> **Supplied entries**

========================================================================

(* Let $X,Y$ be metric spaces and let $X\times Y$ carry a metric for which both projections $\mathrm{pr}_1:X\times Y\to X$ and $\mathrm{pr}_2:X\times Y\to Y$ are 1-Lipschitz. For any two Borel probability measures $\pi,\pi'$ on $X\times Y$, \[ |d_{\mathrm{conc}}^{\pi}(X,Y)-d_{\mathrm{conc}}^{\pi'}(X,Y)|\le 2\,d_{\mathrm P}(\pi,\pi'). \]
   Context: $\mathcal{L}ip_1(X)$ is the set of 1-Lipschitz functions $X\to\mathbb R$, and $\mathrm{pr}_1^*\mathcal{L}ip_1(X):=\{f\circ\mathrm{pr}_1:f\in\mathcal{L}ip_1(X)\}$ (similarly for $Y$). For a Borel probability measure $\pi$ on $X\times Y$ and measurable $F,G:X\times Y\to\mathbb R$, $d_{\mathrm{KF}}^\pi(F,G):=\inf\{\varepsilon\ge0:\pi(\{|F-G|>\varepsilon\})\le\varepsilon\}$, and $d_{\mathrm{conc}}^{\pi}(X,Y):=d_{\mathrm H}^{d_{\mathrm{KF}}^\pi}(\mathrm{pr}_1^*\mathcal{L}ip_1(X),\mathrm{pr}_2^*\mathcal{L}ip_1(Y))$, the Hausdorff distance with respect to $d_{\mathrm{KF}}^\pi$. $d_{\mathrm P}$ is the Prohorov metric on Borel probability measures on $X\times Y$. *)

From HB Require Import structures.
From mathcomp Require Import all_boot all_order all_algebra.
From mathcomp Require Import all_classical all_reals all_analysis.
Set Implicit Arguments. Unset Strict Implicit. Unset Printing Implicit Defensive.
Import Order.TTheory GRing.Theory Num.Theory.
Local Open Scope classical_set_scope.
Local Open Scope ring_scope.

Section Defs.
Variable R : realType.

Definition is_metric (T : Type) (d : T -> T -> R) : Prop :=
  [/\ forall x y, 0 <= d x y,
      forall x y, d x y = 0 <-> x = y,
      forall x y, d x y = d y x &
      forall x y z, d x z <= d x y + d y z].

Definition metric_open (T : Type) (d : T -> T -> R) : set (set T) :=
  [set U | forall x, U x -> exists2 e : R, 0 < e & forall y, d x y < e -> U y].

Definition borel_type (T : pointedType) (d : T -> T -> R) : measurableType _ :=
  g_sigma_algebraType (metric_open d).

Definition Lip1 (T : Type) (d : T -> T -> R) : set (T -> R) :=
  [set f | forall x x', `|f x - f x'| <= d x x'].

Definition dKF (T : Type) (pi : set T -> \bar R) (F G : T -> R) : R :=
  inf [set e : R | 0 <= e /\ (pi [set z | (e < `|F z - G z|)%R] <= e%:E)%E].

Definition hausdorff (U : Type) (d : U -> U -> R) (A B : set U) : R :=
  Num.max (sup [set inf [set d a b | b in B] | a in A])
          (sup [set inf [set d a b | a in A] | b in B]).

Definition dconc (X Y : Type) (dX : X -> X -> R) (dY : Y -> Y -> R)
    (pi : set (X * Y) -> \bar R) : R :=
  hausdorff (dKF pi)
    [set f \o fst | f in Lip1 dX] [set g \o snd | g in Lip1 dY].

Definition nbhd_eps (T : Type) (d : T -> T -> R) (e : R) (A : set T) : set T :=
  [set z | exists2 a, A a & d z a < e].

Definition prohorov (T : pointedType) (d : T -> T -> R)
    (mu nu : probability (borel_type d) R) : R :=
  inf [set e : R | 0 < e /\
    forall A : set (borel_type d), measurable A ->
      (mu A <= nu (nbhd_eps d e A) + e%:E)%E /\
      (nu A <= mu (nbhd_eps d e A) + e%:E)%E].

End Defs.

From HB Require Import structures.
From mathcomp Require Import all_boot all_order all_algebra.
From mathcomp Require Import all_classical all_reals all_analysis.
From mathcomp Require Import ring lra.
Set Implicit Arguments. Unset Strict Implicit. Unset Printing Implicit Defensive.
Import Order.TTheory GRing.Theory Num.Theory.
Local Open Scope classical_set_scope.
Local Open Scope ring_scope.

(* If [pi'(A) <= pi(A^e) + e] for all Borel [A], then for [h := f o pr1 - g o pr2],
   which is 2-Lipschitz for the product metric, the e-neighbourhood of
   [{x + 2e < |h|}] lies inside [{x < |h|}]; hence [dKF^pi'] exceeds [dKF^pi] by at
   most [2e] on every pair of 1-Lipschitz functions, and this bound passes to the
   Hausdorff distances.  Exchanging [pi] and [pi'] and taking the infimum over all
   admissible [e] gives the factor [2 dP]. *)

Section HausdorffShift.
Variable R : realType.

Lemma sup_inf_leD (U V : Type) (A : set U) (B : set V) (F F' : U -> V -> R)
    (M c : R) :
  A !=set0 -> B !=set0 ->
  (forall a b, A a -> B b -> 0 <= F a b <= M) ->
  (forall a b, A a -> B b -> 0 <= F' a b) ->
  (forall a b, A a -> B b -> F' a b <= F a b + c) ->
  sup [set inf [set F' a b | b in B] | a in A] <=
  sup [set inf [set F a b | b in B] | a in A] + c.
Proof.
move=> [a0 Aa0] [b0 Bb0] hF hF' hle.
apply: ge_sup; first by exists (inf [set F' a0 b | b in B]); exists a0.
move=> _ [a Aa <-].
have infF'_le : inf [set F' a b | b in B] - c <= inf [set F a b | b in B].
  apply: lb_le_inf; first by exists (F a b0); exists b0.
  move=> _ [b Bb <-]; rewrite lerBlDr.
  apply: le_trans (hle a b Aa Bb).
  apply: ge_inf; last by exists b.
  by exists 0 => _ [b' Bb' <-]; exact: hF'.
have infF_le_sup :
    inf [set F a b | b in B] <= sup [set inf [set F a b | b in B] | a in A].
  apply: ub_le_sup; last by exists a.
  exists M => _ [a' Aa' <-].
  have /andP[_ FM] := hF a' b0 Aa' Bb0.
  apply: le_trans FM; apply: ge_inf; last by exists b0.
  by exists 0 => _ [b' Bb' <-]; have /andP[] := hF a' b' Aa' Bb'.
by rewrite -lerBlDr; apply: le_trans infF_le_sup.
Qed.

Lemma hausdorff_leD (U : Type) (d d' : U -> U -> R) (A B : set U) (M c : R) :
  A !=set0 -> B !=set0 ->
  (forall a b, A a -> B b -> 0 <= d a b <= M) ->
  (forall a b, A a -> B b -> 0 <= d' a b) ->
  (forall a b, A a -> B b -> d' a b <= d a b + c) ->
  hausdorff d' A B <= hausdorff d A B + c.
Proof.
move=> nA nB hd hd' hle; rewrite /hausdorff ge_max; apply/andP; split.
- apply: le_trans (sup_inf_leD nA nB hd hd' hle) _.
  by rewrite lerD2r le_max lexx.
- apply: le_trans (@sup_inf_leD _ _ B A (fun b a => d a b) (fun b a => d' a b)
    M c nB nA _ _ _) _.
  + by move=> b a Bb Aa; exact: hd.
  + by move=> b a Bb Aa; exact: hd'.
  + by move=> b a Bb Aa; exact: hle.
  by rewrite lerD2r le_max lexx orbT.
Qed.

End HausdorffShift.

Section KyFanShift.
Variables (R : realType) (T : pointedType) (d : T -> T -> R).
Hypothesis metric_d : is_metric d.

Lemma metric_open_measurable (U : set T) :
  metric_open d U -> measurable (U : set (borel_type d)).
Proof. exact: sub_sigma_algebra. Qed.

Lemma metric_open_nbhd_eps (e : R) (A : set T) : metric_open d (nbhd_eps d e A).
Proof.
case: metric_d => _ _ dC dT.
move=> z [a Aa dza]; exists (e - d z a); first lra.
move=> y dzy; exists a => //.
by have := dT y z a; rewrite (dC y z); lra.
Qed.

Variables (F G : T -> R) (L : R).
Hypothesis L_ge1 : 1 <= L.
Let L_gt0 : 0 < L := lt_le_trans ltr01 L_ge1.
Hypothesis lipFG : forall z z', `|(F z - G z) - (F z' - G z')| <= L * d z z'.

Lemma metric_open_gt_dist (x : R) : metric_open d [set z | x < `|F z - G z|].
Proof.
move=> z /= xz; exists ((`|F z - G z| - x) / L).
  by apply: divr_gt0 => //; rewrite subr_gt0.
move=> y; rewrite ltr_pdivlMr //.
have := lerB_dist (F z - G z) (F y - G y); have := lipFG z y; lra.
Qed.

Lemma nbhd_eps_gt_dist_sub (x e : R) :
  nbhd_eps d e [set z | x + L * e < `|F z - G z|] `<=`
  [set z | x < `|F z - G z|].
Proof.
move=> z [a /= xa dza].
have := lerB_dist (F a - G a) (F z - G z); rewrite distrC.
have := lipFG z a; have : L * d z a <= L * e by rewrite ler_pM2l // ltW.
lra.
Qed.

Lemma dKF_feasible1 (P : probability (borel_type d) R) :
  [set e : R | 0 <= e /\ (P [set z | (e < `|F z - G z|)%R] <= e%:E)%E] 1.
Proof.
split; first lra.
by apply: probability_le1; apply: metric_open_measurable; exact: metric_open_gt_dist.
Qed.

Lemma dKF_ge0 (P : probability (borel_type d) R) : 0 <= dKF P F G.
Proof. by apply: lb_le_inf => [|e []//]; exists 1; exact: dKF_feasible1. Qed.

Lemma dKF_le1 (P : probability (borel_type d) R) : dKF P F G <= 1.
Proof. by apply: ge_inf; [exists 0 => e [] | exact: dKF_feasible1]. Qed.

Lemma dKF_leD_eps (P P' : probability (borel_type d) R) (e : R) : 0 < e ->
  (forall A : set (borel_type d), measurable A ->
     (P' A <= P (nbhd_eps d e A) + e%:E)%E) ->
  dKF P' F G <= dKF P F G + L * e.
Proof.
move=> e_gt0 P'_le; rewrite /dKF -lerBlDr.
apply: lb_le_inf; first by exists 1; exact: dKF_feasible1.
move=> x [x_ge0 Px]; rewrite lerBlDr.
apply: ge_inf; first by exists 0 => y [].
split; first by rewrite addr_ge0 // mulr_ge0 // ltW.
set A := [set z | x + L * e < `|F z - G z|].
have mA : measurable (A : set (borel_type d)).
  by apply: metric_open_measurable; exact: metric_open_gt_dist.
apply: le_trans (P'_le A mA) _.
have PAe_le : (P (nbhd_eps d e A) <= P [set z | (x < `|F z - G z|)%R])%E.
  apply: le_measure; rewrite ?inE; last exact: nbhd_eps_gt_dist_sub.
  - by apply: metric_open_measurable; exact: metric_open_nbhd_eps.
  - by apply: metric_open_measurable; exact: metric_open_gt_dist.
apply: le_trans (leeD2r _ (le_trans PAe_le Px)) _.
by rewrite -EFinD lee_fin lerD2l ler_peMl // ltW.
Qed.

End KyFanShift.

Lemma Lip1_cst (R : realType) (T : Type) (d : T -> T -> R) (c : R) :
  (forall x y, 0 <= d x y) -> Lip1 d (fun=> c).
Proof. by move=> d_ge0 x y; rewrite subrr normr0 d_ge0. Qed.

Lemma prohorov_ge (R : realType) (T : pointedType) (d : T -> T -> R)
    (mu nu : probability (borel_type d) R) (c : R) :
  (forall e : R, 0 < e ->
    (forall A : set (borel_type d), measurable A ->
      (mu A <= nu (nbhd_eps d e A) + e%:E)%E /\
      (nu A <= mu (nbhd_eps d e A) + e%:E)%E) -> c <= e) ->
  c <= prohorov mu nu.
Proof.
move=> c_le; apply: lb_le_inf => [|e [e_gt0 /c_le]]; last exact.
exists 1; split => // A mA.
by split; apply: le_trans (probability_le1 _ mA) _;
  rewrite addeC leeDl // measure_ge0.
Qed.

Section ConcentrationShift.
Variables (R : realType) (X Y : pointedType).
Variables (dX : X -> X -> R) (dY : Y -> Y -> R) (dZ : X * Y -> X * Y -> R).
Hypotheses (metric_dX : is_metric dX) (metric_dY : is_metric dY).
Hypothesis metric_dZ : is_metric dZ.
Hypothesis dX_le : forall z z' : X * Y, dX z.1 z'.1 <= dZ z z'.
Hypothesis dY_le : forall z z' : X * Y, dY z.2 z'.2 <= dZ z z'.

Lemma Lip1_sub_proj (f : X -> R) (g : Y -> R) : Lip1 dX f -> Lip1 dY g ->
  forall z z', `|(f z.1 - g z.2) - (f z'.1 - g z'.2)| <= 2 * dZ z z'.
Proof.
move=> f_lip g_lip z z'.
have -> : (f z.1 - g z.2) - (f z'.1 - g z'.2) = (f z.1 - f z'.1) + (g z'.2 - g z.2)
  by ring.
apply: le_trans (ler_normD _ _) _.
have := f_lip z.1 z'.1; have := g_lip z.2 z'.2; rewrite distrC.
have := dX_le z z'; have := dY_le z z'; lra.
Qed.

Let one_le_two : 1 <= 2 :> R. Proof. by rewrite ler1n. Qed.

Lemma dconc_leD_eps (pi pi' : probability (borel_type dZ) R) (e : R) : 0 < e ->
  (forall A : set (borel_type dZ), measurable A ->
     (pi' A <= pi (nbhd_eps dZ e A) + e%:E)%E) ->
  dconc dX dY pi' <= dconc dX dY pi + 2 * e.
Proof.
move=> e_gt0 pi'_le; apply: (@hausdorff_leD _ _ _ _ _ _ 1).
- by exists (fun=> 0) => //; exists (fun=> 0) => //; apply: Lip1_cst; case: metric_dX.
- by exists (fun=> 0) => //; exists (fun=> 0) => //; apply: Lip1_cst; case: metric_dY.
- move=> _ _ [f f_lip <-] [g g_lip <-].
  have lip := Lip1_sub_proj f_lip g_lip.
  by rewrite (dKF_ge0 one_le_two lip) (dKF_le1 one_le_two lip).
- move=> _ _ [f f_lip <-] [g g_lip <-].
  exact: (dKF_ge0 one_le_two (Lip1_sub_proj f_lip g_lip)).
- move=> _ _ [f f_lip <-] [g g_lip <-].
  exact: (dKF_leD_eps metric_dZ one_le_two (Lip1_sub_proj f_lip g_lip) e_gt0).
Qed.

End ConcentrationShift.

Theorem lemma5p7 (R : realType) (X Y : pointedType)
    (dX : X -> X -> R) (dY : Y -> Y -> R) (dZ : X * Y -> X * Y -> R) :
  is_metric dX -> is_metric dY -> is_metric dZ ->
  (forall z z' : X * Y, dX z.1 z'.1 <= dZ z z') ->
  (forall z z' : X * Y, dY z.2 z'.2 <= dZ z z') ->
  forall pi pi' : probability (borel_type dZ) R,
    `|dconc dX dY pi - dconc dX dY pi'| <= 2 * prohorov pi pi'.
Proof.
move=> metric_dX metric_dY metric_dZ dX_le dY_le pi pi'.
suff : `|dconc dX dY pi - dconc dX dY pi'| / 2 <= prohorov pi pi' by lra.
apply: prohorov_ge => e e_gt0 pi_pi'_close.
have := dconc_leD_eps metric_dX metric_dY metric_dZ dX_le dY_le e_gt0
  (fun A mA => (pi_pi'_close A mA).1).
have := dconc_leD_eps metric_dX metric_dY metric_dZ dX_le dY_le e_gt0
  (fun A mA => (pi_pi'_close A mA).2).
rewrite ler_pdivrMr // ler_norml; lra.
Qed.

========================================================================

> **Exercise directions**
Which lines above include the string "Variables"? Show them.

> **Answer to the problem**
Variables (R : realType) (T : pointedType) (d : T -> T -> R).
Variables (F G : T -> R) (L : R).
Variables (R : realType) (X Y : pointedType).
Variables (dX : X -> X -> R) (dY : Y -> Y -> R) (dZ : X * Y -> X * Y -> R).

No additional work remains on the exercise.